> ABOUT THIS TASK: When you reach the line containing "have gEx : graded_ideal Ex." in the records below, start copying exactly, and stop once you have copied the line containing "rewrite /sgn expr0".
------ SUPPLIED ENTRIES
Lemma chief_factor_outside_derived :
  ~~ (I <= D + J)%VS -> forall y v, v \in I -> br y v \in J.
Proof.
move=> IDJ y v vI; pose L := (I :&: (D + J))%VS.
have gL : graded_ideal L.
  exact (graded_idealI hLie gI (graded_idealD hLie (graded_ideal_derived hLie) gJ)).
have JL : (J <= L)%VS by rewrite subv_cap JI addvSr.
have [LJ|LI] := Imin gL JL (capvSl _ _).
  have: br y v \in L by rewrite memv_cap brI // (subvP (addvSl D J)) ?(memv_derived hLie).
  by rewrite LJ.
by case/negP: IDJ; rewrite -LI capvSr.
Qed.

Lemma derived_action_chief_factor :
  (I <= D + J)%VS -> forall d v, d \in D -> v \in I -> br d v \in J.
Proof.
move=> IDJ; pose S := (brack_vs br D I + J)%VS.
have gS : graded_ideal S.
  exact (graded_idealD hLie (graded_ideal_brack hLie (graded_ideal_derived hLie) gI) gJ).
have SI : (S <= I)%VS.
  by rewrite subv_add JI andbT; apply: brack_vs_subv => d v _; apply: brI.
have [SJ|SI'] := Imin gS (addvSr _ _) SI.
  move=> d v dD vI; have: br d v \in S by rewrite (subvP (addvSl _ J)) ?(memv_brack hLie).
  by rewrite SJ.
have IS : (I <= brack_vs br D I + J)%VS by rewrite -/S SI'.
have [n Dn0] := hcs.
by have := subv_lower_central_add hLie brJ IDJ IS n; rewrite Dn0 add0v (negPf IJ).
Qed.

Lemma odd_action_chief_factor :
  (I <= D + J)%VS -> forall o v, o \in V1 -> v \in I -> br o v \in J.
Proof.
move=> IDJ o v oV1 vI; have dJ := derived_action_chief_factor IDJ.
pose Ko := (I :&: lfun_preim (ad br o) J)%VS.
have memKo w : (w \in Ko) = (w \in I) && (br o w \in J).
  by rewrite memv_cap -memv_preim (adE hLie).
have gKo : graded_ideal Ko.
  apply: (graded_ideal_preim hLie (c := true) (s := sgn K true)) => //.
    by move=> b w; rewrite !(adE hLie) (br_pi hLie (k := true)).
  move=> j y w yj wI; rewrite !(adE hLie) (@jacobi true j o y w oV1 yj) addrK.
  exact: dJ (memv_derived hLie _ _) wI.
have JKo : (J <= Ko)%VS by apply/subvP => w wJ; rewrite memKo (subvP JI) ?brJ.
have [KoJ|KoI] := Imin gKo JKo (capvSl _ _); last first.
  by move: vI; rewrite -KoI memKo => /andP [].
case/negP: IJ; apply/subvP => w wI.
(* Super Jacobi with x = y = o reads 2 [o,[o,w]] = [[o,o],w]. *)
have oowJ : br o (br o w) \in J.
  have e := @jacobi true true o o w oV1 oV1; rewrite /sgn expr1 scaleN1r in e.
  rewrite -[br o _](scalerK two_neq0) memvZ // scaler_nat mulr2n {1}e addrNK.
  exact: dJ (memv_derived hLie _ _) wI.
have owJ : br o w \in J by rewrite -KoJ memKo brI.
by rewrite -KoJ memKo wI.
Qed.

Lemma even_action_chief_factor : (I <= D + J)%VS ->
  forall x, x \in V0 -> exists a, forall v, v \in I -> br x v - a *: v \in J.
Proof.
move=> IDJ x xV0; have dJ := derived_action_chief_factor IDJ.
have adI v : v \in I -> ad br x v \in I by rewrite (adE hLie); apply: brI.
have [a [c [cI cJ xcJ]]] := leigenvector_mod JI IJ adI.
pose f := (ad br x - a *: \1)%VF.
have fE w : f w = br x w - a *: w.
  by rewrite add_lfunE opp_lfunE scale_lfunE id_lfunE (adE hLie).
pose Ex := (I :&: lfun_preim f J)%VS.
have memEx w : (w \in Ex) = (w \in I) && (br x w - a *: w \in J).
  by rewrite memv_cap -memv_preim fE.
have gEx : graded_ideal Ex.
  apply: (graded_ideal_preim hLie (c := false) (s := fun=> 1)) => //.
    by move=> b w; rewrite !fE (br_pi hLie (k := false)) // [in RHS]linearB [in RHS]linearZ.
  move=> j y w yj wI; rewrite !fE scale1r (@jacobi false j x y w xV0 yj).
  rewrite /sgn expr0 scale1r (brBr hLie) (brZr hLie) opprB addrA subrK addrK.
  exact: dJ (memv_derived hLie _ _) wI.
have JEx : (J <= Ex)%VS.
  by apply/subvP => w wJ; rewrite memEx (subvP JI) ?memvB ?memvZ ?brJ.
have [ExJ|ExI] := Imin gEx JEx (capvSl _ _).
  by case/negP: cJ; rewrite -ExJ memEx cI -(adE hLie).
by exists a => v; rewrite -ExI memEx => /andP [].
Qed.

Lemma chief_factor_scalar_action y :
  exists a, forall v, v \in I -> br y v - a *: v \in J.
Proof.
have [IDJ|IDJ] := boolP (I <= D + J)%VS; last first.
  by exists 0 => v vI; rewrite scale0r subr0 chief_factor_outside_derived.
have [a ay0] := even_action_chief_factor IDJ (pi_mem V0 V1 false y).
exists a => v vI; rewrite -(pi_sum hLie y) (brDl hLie) addrAC memvD ?ay0 //.
exact (odd_action_chief_factor IDJ (pi_mem V0 V1 true y) vI).
Qed.

Lemma dim_chief_factor : \dim I = (\dim J).+1.
Proof.
have [b [v [vI vJ vb]]] := homogeneous_notin hLie piI IJ.
have gL : graded_ideal (J + <[v]>)%VS.
  apply: (graded_ideal_add_line hLie gJ vb) => y.
  have [a ayJ] := chief_factor_scalar_action y.
  by rewrite -(subrK (a *: v) (br y v)) memv_add ?ayJ ?memvZ ?memv_line.
have LI : (J + <[v]> <= I)%VS by rewrite subv_add JI -memvE.
have [LJ|<-] := Imin gL (addvSl _ _) LI; last by rewrite dimv_add_line.
by case/negP: vJ; rewrite -LJ (subvP (addvSr J _)) ?memv_line.
Qed.

End ChiefFactor.

Lemma graded_ideal_refine J I : graded_ideal J -> graded_ideal I ->
    (J <= I)%VS -> ~~ (I <= J)%VS ->
  exists L, [/\ graded_ideal L, (J <= L)%VS, (L <= I)%VS & \dim L = (\dim J).+1].
Proof.
move=> gJ gI; have [n] := ubnP (\dim I).
elim: n I gI => [|n IHn] I gI // dimI JI IJ.
have [[L [gL JL LI LJ LI']] | noL] :=
  classic (exists L, [/\ graded_ideal L, (J <= L)%VS, (L <= I)%VS, L != J & L != I]).
  have ltLI : (\dim L < \dim I)%N.
    rewrite (ltn_leqif (dimv_leqif_sup LI)); apply: contra LI' => IL.
    by apply/eqP/subv_anti; rewrite LI IL.
  have LJ' : ~~ (L <= J)%VS.
    by apply: contra LJ => LJ; apply/eqP/subv_anti; rewrite LJ JL.
  have [M [gM JM ML dM]] := IHn L gL (leq_trans ltLI dimI) JL LJ'.
  by exists M; split=> //; apply: subv_trans ML LI.
exists I; split=> //; apply: dim_chief_factor => // L gL JL LI.
have [->|LJ] := eqVneq L J; first by left.
have [->|LI'] := eqVneq L I; first by right.
by case: noL; exists L.
Qed.

Lemma minimal_graded_ideal_dim I :
  minimal_graded_ideal br V0 V1 I -> \dim I = 1%N.
Proof.
case=> gI I0 Imin; have := dim_chief_factor (graded_ideal0 hLie) gI (sub0v I).
by rewrite subv0 dimv0; apply=> // L gL _; apply: Imin.
Qed.

Lemma graded_ideal_flag : exists H : nat -> {vspace V}, forall i, (i <= \dim {:V})%N ->
  [/\ graded_ideal (H i), \dim (H i) = i & (i < \dim {:V})%N -> (H i <= H i.+1)%VS].
Proof.
suff flag k : (k <= \dim {:V})%N -> exists H : nat -> {vspace V}, forall i, (i <= k)%N ->
    [/\ graded_ideal (H i), \dim (H i) = i & (i < k)%N -> (H i <= H i.+1)%VS].
  by have [H HP] := flag _ (leqnn _); exists H.
elim: k => [_|k IHk ltkN].
  exists (fun=> 0%VS) => i; rewrite leqn0 => /eqP ->.
  by rewrite dimv0; split=> //; apply: graded_ideal0.
have [H HP] := IHk (ltnW ltkN); have [gHk dHk _] := HP k (leqnn k).
have HkV : ~~ (fullv <= H k)%VS by apply/negP => /dimvS; rewrite dHk leqNgt ltkN.
have [L [gL HkL _ dL]] := graded_ideal_refine gHk (graded_idealf hLie) (subvf _) HkV.
exists (fun i => if i == k.+1 then L else H i) => i.
rewrite leq_eqVlt ltnS /= => /predU1P [->|leik].
  by rewrite eqxx dL dHk ltnn; split.
have [gHi dHi Hinc] := HP i leik; rewrite eqSS (ltn_eqF (leik : i < k.+1)%N).
split=> // _; have [->|neik] := eqVneq i k; first exact: HkL.
by rewrite Hinc // ltn_neqAle neik.
Qed.

End ChiefSeries.

Theorem lemma5p1 (K : closedFieldType) (p : nat) (pK : p \in [pchar K]) (p_gt2 : (2 < p)%N)
    (V : vectType K) (br : V -> V -> V) (V0 V1 : {vspace V})
    (hLie : is_lie_superalgebra br V0 V1)
    (hcs : completely_solvable br) :
  (forall I : {vspace V}, minimal_graded_ideal br V0 V1 I -> \dim I = 1%N) /\
  (exists G : nat -> {vspace V},
     [/\ G 0%N = fullv, G (\dim (fullv : {vspace V})) = 0%VS &
      forall i : nat, (i <= \dim (fullv : {vspace V}))%N ->
        [/\ graded_ideal br V0 V1 (G i),
            \dim (G i) = (\dim (fullv : {vspace V}) - i)%N &
            (i < \dim (fullv : {vspace V}))%N -> (G i.+1 <= G i)%VS]]).
Proof.
have two_neq0 : 2%:R != 0 :> K by rewrite -(dvdn_pcharf pK) gtnNdvd.
split; first exact: minimal_graded_ideal_dim hLie two_neq0 hcs.
have [H HP] := graded_ideal_flag hLie two_neq0 hcs; set N := \dim fullv in HP *.
exists (fun i => H (N - i)%N); split.
- have [_ dHN _] := HP N (leqnn N).
  by apply/eqP; rewrite subn0 eqEdim subvf dHN leqnn.
- have [_ dH0 _] := HP 0%N (leq0n N).
  by apply/eqP; rewrite subnn -dimv_eq0 dH0.
- move=> i leiN; have [gHi dHi _] := HP (N - i)%N (leq_subr i N).
  split=> // ltiN; have [_ _ Hinc] := HP (N - i.+1)%N (leq_subr _ _).
  by rewrite -(subnSK ltiN) Hinc // subnSK // leq_subr.
Qed.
------------
> EXPECTED OUTPUT:
have gEx : graded_ideal Ex.
  apply: (graded_ideal_preim hLie (c := false) (s := fun=> 1)) => //.
    by move=> b w; rewrite !fE (br_pi hLie (k := false)) // [in RHS]linearB [in RHS]linearZ.
  move=> j y w yj wI; rewrite !fE scale1r (@jacobi false j x y w xV0 yj).
  rewrite /sgn expr0 scale1r (brBr hLie) (brZr hLie) opprB addrA subrK addrK.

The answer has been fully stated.